To do »
The word "mathcomp" may appear in some of the lines below. State how many lines contain it, and write only that number.

Study material »
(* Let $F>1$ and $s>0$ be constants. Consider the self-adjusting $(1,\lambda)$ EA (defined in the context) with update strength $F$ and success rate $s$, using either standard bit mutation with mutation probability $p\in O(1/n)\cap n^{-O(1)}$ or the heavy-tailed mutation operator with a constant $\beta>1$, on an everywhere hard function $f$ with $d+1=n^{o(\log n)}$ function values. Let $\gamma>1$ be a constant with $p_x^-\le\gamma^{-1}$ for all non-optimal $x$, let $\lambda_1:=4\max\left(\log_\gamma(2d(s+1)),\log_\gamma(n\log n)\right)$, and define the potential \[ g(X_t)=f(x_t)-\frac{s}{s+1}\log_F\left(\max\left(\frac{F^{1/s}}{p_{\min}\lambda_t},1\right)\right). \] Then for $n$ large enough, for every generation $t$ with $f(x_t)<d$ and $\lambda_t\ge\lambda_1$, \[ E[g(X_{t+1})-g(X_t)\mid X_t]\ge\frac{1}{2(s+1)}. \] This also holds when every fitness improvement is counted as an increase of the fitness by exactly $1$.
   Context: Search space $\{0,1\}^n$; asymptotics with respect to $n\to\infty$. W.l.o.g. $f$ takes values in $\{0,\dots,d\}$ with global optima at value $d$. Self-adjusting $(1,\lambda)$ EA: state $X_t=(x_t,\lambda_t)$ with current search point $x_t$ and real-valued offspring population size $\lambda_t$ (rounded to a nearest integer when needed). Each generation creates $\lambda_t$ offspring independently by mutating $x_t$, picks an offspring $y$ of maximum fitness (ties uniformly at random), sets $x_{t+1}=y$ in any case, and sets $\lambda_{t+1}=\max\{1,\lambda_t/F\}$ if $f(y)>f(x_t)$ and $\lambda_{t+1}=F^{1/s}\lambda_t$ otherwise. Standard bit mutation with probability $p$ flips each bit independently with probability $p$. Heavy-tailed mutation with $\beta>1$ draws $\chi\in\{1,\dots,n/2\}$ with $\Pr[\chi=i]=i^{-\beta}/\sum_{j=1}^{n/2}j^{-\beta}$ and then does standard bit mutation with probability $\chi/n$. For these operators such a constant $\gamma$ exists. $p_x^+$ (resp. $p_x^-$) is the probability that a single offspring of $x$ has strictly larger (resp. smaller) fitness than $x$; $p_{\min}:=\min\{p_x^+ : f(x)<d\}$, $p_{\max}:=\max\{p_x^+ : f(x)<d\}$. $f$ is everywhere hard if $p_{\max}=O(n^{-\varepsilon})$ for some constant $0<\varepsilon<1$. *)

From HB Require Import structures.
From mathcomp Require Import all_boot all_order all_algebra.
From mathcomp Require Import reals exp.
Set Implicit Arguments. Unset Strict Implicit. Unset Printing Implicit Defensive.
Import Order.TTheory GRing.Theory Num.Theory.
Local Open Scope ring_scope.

==

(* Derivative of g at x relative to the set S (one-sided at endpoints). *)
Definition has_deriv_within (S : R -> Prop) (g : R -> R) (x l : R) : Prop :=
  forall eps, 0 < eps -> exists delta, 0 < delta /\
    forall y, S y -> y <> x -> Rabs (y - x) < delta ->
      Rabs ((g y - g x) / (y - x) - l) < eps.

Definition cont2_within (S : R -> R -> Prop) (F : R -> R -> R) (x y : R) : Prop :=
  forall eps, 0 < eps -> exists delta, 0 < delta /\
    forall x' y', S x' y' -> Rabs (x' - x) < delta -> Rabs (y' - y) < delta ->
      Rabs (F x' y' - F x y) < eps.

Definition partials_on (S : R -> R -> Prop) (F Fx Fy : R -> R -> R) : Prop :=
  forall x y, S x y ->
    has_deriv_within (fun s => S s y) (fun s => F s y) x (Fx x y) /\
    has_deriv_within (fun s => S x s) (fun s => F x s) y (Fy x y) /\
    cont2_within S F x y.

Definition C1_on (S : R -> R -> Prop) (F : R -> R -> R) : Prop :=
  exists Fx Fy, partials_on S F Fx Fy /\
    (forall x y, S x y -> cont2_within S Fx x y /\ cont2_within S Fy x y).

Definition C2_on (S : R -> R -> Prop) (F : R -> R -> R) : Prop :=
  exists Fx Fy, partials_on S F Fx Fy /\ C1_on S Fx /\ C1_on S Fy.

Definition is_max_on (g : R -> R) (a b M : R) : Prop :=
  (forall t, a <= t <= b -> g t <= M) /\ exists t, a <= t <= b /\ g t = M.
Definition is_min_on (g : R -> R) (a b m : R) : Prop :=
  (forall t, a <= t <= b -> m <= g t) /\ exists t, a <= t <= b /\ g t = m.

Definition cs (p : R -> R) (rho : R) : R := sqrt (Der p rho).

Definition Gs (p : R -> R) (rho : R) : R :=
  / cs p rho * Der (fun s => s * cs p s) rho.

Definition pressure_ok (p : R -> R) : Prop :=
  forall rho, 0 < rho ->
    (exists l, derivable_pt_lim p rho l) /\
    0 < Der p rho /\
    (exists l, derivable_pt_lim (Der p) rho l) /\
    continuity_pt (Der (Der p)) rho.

Exercise output »
2